─── Records supplied ───

(* l(a,x) = minimum over all (a,x)-sequences (the default value is irrelevant
   as (a,x)-sequences always exist under the hypotheses of the theorem). *)
Definition lmin n d r (a : {ffun 'I_n -> bool}) (x : 'I_r) : nat :=
  \big[minn/((hw a).+1 * r)]_(xs : (hw a).+2.-tuple 'I_r | is_axseq n d r a x xs)
     seqlen n r a xs.

Arguments lmin : clear implicits.

From mathcomp Require Import all_boot zify order.
Import Order.TTheory.

(* A walk from (0,0) to (a,x) toggles every coordinate of supp(a) an odd number
   of times and every other coordinate an even number of times, and a toggle of
   coordinate k at ring position y requires k in D(y).  Reading the walk
   backwards and cancelling toggles of the same coordinate in pairs leaves one
   toggle per coordinate of supp(a), i.e. an (a,x)-sequence; by the triangle
   inequality for the circular distance its length l is at most the number of
   ring moves, so the walk has length at least ||a|| + l(a,x).  Conversely an
   (a,x)-sequence is realised by walking the shorter arc between consecutive
   ring positions and toggling in between.  Since n divides dr, coordinate i lies
   in D(i / d), so (a,x)-sequences exist. *)

Set Implicit Arguments.
Unset Strict Implicit.
Unset Printing Implicit Defensive.

Section CircularDistance.

Variable r : nat.

Lemma cdistxx a : cdist r a a = 0.
Proof. by rewrite /cdist leqnn subnn min0n. Qed.

Lemma cdistC a b : cdist r a b = cdist r b a.
Proof. by rewrite /cdist; case: (leqP a b); case: (leqP b a) => /= *; lia. Qed.

Lemma cdist_ler a b : cdist r a b <= r.
Proof. by rewrite /cdist; case: (leqP a b) => /= *; lia. Qed.

Lemma cdist_triangle (a b c : 'I_r) : cdist r a c <= cdist r a b + cdist r b c.
Proof.
have := ltn_ord a; have := ltn_ord b; have := ltn_ord c; rewrite /cdist.
by case: (leqP a c); case: (leqP a b); case: (leqP b c) => /= *; lia.
Qed.

Lemma cdist_succ (a : 'I_r) : cdist r a ((a + 1) %% r) <= 1.
Proof.
have lt_ar := ltn_ord a; case: (ltnP (a + 1) r) => [lt_a1r|le_ra1].
  by rewrite modn_small // /cdist leq_addr /=; lia.
rewrite (_ : a + 1 = r) ?modnn /cdist; last by lia.
by case: (leqP a 0) => /= *; lia.
Qed.

Fixpoint tour (y : 'I_r) (zs : seq 'I_r) (x : 'I_r) {struct zs} : nat :=
  match zs with
  | [::] => cdist r y x
  | z :: zs' => cdist r y z + tour z zs' x
  end.

Lemma tour_triangle (y z : 'I_r) zs x : tour y zs x <= cdist r y z + tour z zs x.
Proof.
case: zs => [|z' zs] /=; first exact: cdist_triangle.
by rewrite addnA leq_add2r cdist_triangle.
Qed.

Lemma tour_subseq y zs' zs x : subseq zs' zs -> tour y zs' x <= tour y zs x.
Proof.
elim: zs zs' y => [|z zs IH] [|z' zs'] y // sub_zs.
  apply: leq_trans (tour_triangle y z [::] x) _.
  by rewrite /= leq_add2l (IH [::]) ?sub0seq.
move: sub_zs; rewrite [subseq _ _]/=; case: eqP => [<- sub_zs|_ sub_zs].
  by rewrite /= leq_add2l IH.
apply: leq_trans (tour_triangle y z _ x) _.
by rewrite [tour y (z :: zs) x]/= leq_add2l IH.
Qed.

Lemma tour_sum y zs x (ys := map val (y :: rcons zs x)) :
  tour y zs x = \sum_(t < (size zs).+1) cdist r (nth 0 ys t) (nth 0 ys t.+1).
Proof.
rewrite {}/ys; elim: zs y => [|z zs IH] y /=; first by rewrite big_ord_recl big_ord0 addn0.
by rewrite big_ord_recl IH.
Qed.

Lemma val_iter_ordS (y : 'I_r) m : val (iter m (@ordS r) y) = (y + m) %% r.
Proof.
elim: m => [|m IH]; first by rewrite addn0 modn_small.
by rewrite iterS /= IH -addn1 modnDml -addnA addn1.
Qed.

Lemma ordS_reach (y z : 'I_r) :
  exists2 m, m = cdist r y z & iter m (@ordS r) y = z \/ iter m (@ordS r) z = y.
Proof.
wlog le_yz : y z / y <= z.
  move=> wlog_le; case: (leqP y z) => [/wlog_le //|/ltnW/wlog_le [m ->]].
  by rewrite cdistC => reach; exists (cdist r y z); last by rewrite or_comm.
have lt_zr := ltn_ord z.
have cdist_yz : cdist r y z = minn (z - y) (r - (z - y)) by rewrite /cdist le_yz.
case: (leqP (z - y) (r - (z - y))) => [le_up|lt_down].
  exists (z - y); first by rewrite cdist_yz; lia.
  by left; apply: val_inj; rewrite val_iter_ordS subnKC // modn_small.
exists (r - (z - y)); first by rewrite cdist_yz; lia.
right; apply: val_inj; rewrite val_iter_ordS /=.
by rewrite (_ : z + (r - (z - y)) = y + r) ?modnDr ?modn_small //; lia.
Qed.

End CircularDistance.

Lemma iter_can (T : Type) (f g : T -> T) m : cancel f g -> cancel (iter m f) (iter m g).
Proof. by move=> fK; elim: m => // m IH x; rewrite iterSr iterS fK IH. Qed.

Lemma flipE n (b : {ffun 'I_n -> bool}) (k i : 'I_n) : flip b k i = b i (+) (i == k).
Proof. by rewrite ffunE modn_small ?val_eqE. Qed.

Lemma flip_modn n (b : {ffun 'I_n -> bool}) m : flip b (m %% n) = flip b m.
Proof. by apply/ffunP => i; rewrite !ffunE modn_mod. Qed.

(* The combinatorial content of an (a,x)-sequence with its endpoints 0 and x
   removed: each coordinate of c appears once, paired with a ring position at
   which it may be toggled. *)
Definition schedule n d r (S : seq ('I_n * 'I_r)) (c : 'I_n -> bool) : Prop :=
  [/\ uniq (map fst S), forall i, (i \in map fst S) = c i
    & all (fun q : 'I_n * 'I_r => inD n d q.2 q.1) S].

Arguments schedule : clear implicits.

Section Walks.

Variables n d r : nat.
Local Notation adj := (qadj n d r).

Lemma qadj_flip b (y : 'I_r) (k : 'I_n) : inD n d y k -> adj (b, y) (flip b k, y).
Proof.
case/existsP => j /eqP val_k; rewrite /qadj /= eqxx /=.
by apply/orP; left; apply/existsP; exists j; rewrite val_k flip_modn.
Qed.

Lemma qadj_ordS b (y : 'I_r) : adj (b, y) (b, ordS y).
Proof. by apply/orP; right; rewrite /= addn1 !eqxx. Qed.

Lemma qadj_ord_pred b (y : 'I_r) : adj (b, y) (b, ord_pred y).
Proof.
apply/orP; right; rewrite eqxx /=; apply/orP; right.
by rewrite addn1; apply/eqP; rewrite -[in LHS](ord_predK y).
Qed.

Lemma qadj_cases b b' (y y' : 'I_r) : 0 < n -> adj (b, y) (b', y') ->
  (y' = y /\ exists2 k : 'I_n, inD n d y k & b' = flip b k)
  \/ (b' = b /\ cdist r y y' <= 1).
Proof.
move=> n_gt0; case/orP => /andP [/eqP /= <-].
  case/existsP => j /eqP ->; left; split => //.
  exists (Ordinal (ltn_pmod (j + d * y) n_gt0)); last by rewrite /= flip_modn.
  by apply/existsP; exists j.
case/orP => /eqP val_succ; right; split => //; first by rewrite val_succ cdist_succ.
by rewrite cdistC val_succ cdist_succ.
Qed.

Lemma iter_path b (f : 'I_r -> 'I_r) y m : (forall i, adj (b, i) (b, f i)) ->
  exists p, [/\ path adj (b, y) p, last (b, y) p = (b, iter m f y) & size p = m].
Proof.
move=> f_adj; elim: m => [|m [p [p_path p_last p_size]]]; first by exists [::].
exists (rcons p (b, iter m.+1 f y)).
by rewrite rcons_path last_rcons size_rcons p_path p_last p_size f_adj.
Qed.

Lemma ring_path b (y z : 'I_r) :
  exists p, [/\ path adj (b, y) p, last (b, y) p = (b, z) & size p = cdist r y z].
Proof.
have [m m_eq [reach | reach]] := ordS_reach y z; rewrite -m_eq.
  by rewrite -reach; apply: iter_path; apply: qadj_ordS.
rewrite -(iter_can m (@ordSK r) z) reach.
by apply: iter_path; apply: qadj_ord_pred.
Qed.

Lemma schedule_path b (y x : 'I_r) S c : schedule n d r S c ->
  exists p, [/\ path adj (b, y) p, last (b, y) p = ([ffun i => b i (+) c i], x)
    & size p = size S + tour y (map snd S) x].
Proof.
case=> S_uniq S_c S_inD.
have -> : [ffun i => b i (+) c i] = [ffun i => b i (+) (i \in map fst S)].
  by apply/ffunP => i; rewrite !ffunE S_c.
elim: S b y S_uniq S_inD {S_c} => [|[k z] S IH] b y /=.
  have [p [p_path p_last p_size]] := ring_path b y x.
  exists p; split => //; rewrite p_last; congr pair.
  by apply/ffunP => i; rewrite ffunE addbF.
case/andP=> k_notin S_uniq /andP [k_inD S_inD].
have [p1 [p1_path p1_last p1_size]] := ring_path b y z.
have [p2 [p2_path p2_last p2_size]] := IH (flip b k) z S_uniq S_inD.
exists (p1 ++ (flip b k, z) :: p2); split.
- by rewrite cat_path p1_path p1_last /= qadj_flip.
- rewrite last_cat p1_last /= p2_last; congr pair; apply/ffunP => i.
  rewrite [LHS]ffunE flipE [RHS]ffunE in_cons.
  case: eqVneq => [->|_] /=; last by rewrite addbF.
  by rewrite (negbTE k_notin) addbF.
- by rewrite size_cat /= p1_size p2_size; lia.
Qed.

Hypothesis n_gt0 : 0 < n.

Lemma path_schedule a (x : 'I_r) p b y : path adj (b, y) p -> last (b, y) p = (a, x) ->
  exists2 S, schedule n d r S [ffun i => a i (+) b i]
           & size S + tour y (map snd S) x <= size p.
Proof.
elim: p b y => [|[b' y'] p IH] b y /=.
  move=> _ [-> ->]; exists [::]; last by rewrite /= cdistxx.
  by split => // i; rewrite ffunE addbb.
case/andP=> step p_path p_last.
have [S [S_uniq S_c S_inD] S_size] := IH b' y' p_path p_last.
case: (qadj_cases n_gt0 step) => [[y'_eq [k k_inD b'_eq]] | [b'_eq le_yy']].
  subst y' b'.
  have S_ck i : (i \in map fst S) = a i (+) b i (+) (i == k).
    by rewrite S_c ffunE flipE addbA.
  case k_in: (k \in map fst S).
    exists [seq q <- S | q.1 != k].
      have fst_filter : map fst [seq q <- S | q.1 != k] = [seq i <- map fst S | i != k].
        by rewrite filter_map.
      split; first by rewrite fst_filter filter_uniq.
        move=> i; rewrite fst_filter mem_filter S_ck ffunE.
        case: eqVneq => [->|_] /=; last by rewrite addbF.
        by move: (S_ck k); rewrite k_in eqxx; case: (a k (+) b k).
      by apply/allP => q; rewrite mem_filter => /andP [_ /(allP S_inD)].
    apply: leq_trans (leqnSn _); apply: leq_trans S_size; apply: leq_add.
      by rewrite size_filter count_size.
    by apply: tour_subseq; rewrite map_subseq ?filter_subseq.
  exists ((k, y) :: S); last by rewrite /= cdistxx add0n addSn ltnS.
  split; [by rewrite /= k_in S_uniq | move=> i | by rewrite /= k_inD S_inD].
  rewrite /= in_cons S_ck ffunE; case: eqVneq => [->|_] /=; last by rewrite addbF.
  by move: (S_ck k); rewrite k_in eqxx; case: (a k (+) b k).
subst b'; exists S => //.
apply: leq_trans (_ : size S + (cdist r y y' + tour y' (map snd S) x) <= _).
  by rewrite leq_add2l tour_triangle.
lia.
Qed.

End Walks.

Section AxSequences.

Variables n d r : nat.
Implicit Types (a : {ffun 'I_n -> bool}) (S : seq ('I_n * 'I_r)).

Lemma schedule_size S a : schedule n d r S a -> size S = hw a.
Proof.
case=> S_uniq S_a _; rewrite -(size_map fst) -(card_uniqP S_uniq) /hw.
by apply: eq_card => i; rewrite inE S_a.
Qed.

Lemma seqlen_tour a (xs : (hw a).+2.-tuple 'I_r) y zs x :
  tval xs = y :: rcons zs x -> seqlen n r a xs = tour y zs x.
Proof.
move=> xs_eq; have := size_tuple xs; rewrite xs_eq /= size_rcons => -[zs_size].
by rewrite /seqlen xs_eq tour_sum zs_size.
Qed.

Lemma seqlen_le a (xs : (hw a).+2.-tuple 'I_r) : seqlen n r a xs <= (hw a).+1 * r.
Proof.
rewrite -[X in X * r]card_ord -sum_nat_const.
by apply: leq_sum => t _; apply: cdist_ler.
Qed.

Lemma schedule_axseq (x0 x : 'I_r) a S : val x0 = 0 -> schedule n d r S a ->
  exists2 xs, is_axseq n d r a x xs & seqlen n r a xs = tour x0 (map snd S) x.
Proof.
move=> x0_0 S_sched; have S_size := schedule_size S_sched.
case: S_sched => S_uniq S_a S_inD.
have xs_size : size (x0 :: rcons (map snd S) x) == (hw a).+2.
  by rewrite /= size_rcons size_map S_size.
have idx_size : size (map fst S) == hw a by rewrite size_map S_size.
exists (Tuple xs_size); last exact: seqlen_tour.
rewrite /is_axseq /= x0_0 map_rcons nth_rcons !size_map S_size ltnn !eqxx /=.
apply/existsP; exists (Tuple idx_size); rewrite /= S_uniq /=.
apply/andP; split; first by apply/forallP => i; rewrite S_a.
apply/forallP => t; have t_lt : t < size S by rewrite S_size.
pose q0 := nth (tnth (Tuple idx_size) t, x) S t.
rewrite nth_rcons !size_map t_lt (tnth_nth q0.1) /= -map_comp !(nth_map q0) //.
exact: (all_nthP q0 S_inD).
Qed.

Lemma axseq_schedule (x0 x : 'I_r) a xs : val x0 = 0 -> is_axseq n d r a x xs ->
  exists2 S, schedule n d r S a & tour x0 (map snd S) x = seqlen n r a xs.
Proof.
move=> x0_0; have [y [zs [z xs_eq]]] : exists y zs z, tval xs = y :: rcons zs z.
  have := size_tuple xs; case: (tval xs) => [|y ys] //.
  by case/lastP: ys => [|zs z] // _; exists y, zs, z.
have := size_tuple xs; rewrite xs_eq /= size_rcons => -[zs_size].
rewrite /is_axseq xs_eq /= map_rcons nth_rcons size_map zs_size ltnn eqxx.
case/and3P=> /eqP y_0 /eqP /val_inj <- /existsP [idx /and3P [idx_uniq idx_a idx_inD]].
have <- : y = x0 by apply: val_inj; rewrite /= y_0 x0_0.
have idx_size : size idx = size zs by rewrite size_tuple zs_size.
have fst_zip : map fst (zip idx zs) = idx by rewrite -/unzip1 unzip1_zip ?idx_size.
have snd_zip : map snd (zip idx zs) = zs by rewrite -/unzip2 unzip2_zip ?idx_size.
exists (zip idx zs); last by rewrite snd_zip (seqlen_tour xs_eq).
split; [by rewrite fst_zip | by move=> i; rewrite fst_zip (eqP (forallP idx_a i)) |].
apply/allP => -[k w] /(nthP (k, w)) [t]; rewrite size_zip idx_size minnn => t_lt.
rewrite nth_zip // => -[<- <-] /=.
have t_lt_hw : t < hw a by rewrite -zs_size.
have := forallP idx_inD (Ordinal t_lt_hw).
by rewrite (tnth_nth k) nth_rcons size_map t_lt (nth_map w).
Qed.

Lemma lmin_le_tour (x0 x : 'I_r) a S : val x0 = 0 -> schedule n d r S a ->
  lmin n d r a x <= tour x0 (map snd S) x.
Proof.
move=> x0_0 /(schedule_axseq x x0_0) [xs xs_axseq <-].
have := @bigmin_le_cond _ nat _ ((hw a).+1 * r) _ _ (seqlen n r a) xs_axseq.
by rewrite minEnat.
Qed.

Lemma lmin_tour (x0 x : 'I_r) a S0 : val x0 = 0 -> schedule n d r S0 a ->
  exists2 S, schedule n d r S a & lmin n d r a x = tour x0 (map snd S) x.
Proof.
move=> x0_0 /(schedule_axseq x x0_0) [xs0 xs0_axseq _].
have := @bigmin_eq_arg _ nat _ _ _ _ (seqlen n r a) xs0_axseq (fun xs _ => seqlen_le xs).
rewrite /lmin minEnat; case: arg_minP => // xs xs_axseq _ ->.
by have [S S_sched <-] := axseq_schedule x0_0 xs_axseq; exists S.
Qed.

───

## Required work:
Give back exactly the lines above, from the line containing "(y' = y /\ exists2" through the line containing "rewrite [LHS]ffunE flipE", with both end lines and nothing more.

## Problem solution:
  (y' = y /\ exists2 k : 'I_n, inD n d y k & b' = flip b k)
  \/ (b' = b /\ cdist r y y' <= 1).
Proof.
move=> n_gt0; case/orP => /andP [/eqP /= <-].
  case/existsP => j /eqP ->; left; split => //.
  exists (Ordinal (ltn_pmod (j + d * y) n_gt0)); last by rewrite /= flip_modn.
  by apply/existsP; exists j.
case/orP => /eqP val_succ; right; split => //; first by rewrite val_succ cdist_succ.
by rewrite cdistC val_succ cdist_succ.
Qed.

Lemma iter_path b (f : 'I_r -> 'I_r) y m : (forall i, adj (b, i) (b, f i)) ->
  exists p, [/\ path adj (b, y) p, last (b, y) p = (b, iter m f y) & size p = m].
Proof.
move=> f_adj; elim: m => [|m [p [p_path p_last p_size]]]; first by exists [::].
exists (rcons p (b, iter m.+1 f y)).
by rewrite rcons_path last_rcons size_rcons p_path p_last p_size f_adj.
Qed.

Lemma ring_path b (y z : 'I_r) :
  exists p, [/\ path adj (b, y) p, last (b, y) p = (b, z) & size p = cdist r y z].
Proof.
have [m m_eq [reach | reach]] := ordS_reach y z; rewrite -m_eq.
  by rewrite -reach; apply: iter_path; apply: qadj_ordS.
rewrite -(iter_can m (@ordSK r) z) reach.
by apply: iter_path; apply: qadj_ord_pred.
Qed.

Lemma schedule_path b (y x : 'I_r) S c : schedule n d r S c ->
  exists p, [/\ path adj (b, y) p, last (b, y) p = ([ffun i => b i (+) c i], x)
    & size p = size S + tour y (map snd S) x].
Proof.
case=> S_uniq S_c S_inD.
have -> : [ffun i => b i (+) c i] = [ffun i => b i (+) (i \in map fst S)].
  by apply/ffunP => i; rewrite !ffunE S_c.
elim: S b y S_uniq S_inD {S_c} => [|[k z] S IH] b y /=.
  have [p [p_path p_last p_size]] := ring_path b y x.
  exists p; split => //; rewrite p_last; congr pair.
  by apply/ffunP => i; rewrite ffunE addbF.
case/andP=> k_notin S_uniq /andP [k_inD S_inD].
have [p1 [p1_path p1_last p1_size]] := ring_path b y z.
have [p2 [p2_path p2_last p2_size]] := IH (flip b k) z S_uniq S_inD.
exists (p1 ++ (flip b k, z) :: p2); split.
- by rewrite cat_path p1_path p1_last /= qadj_flip.
- rewrite last_cat p1_last /= p2_last; congr pair; apply/ffunP => i.
  rewrite [LHS]ffunE flipE [RHS]ffunE in_cons.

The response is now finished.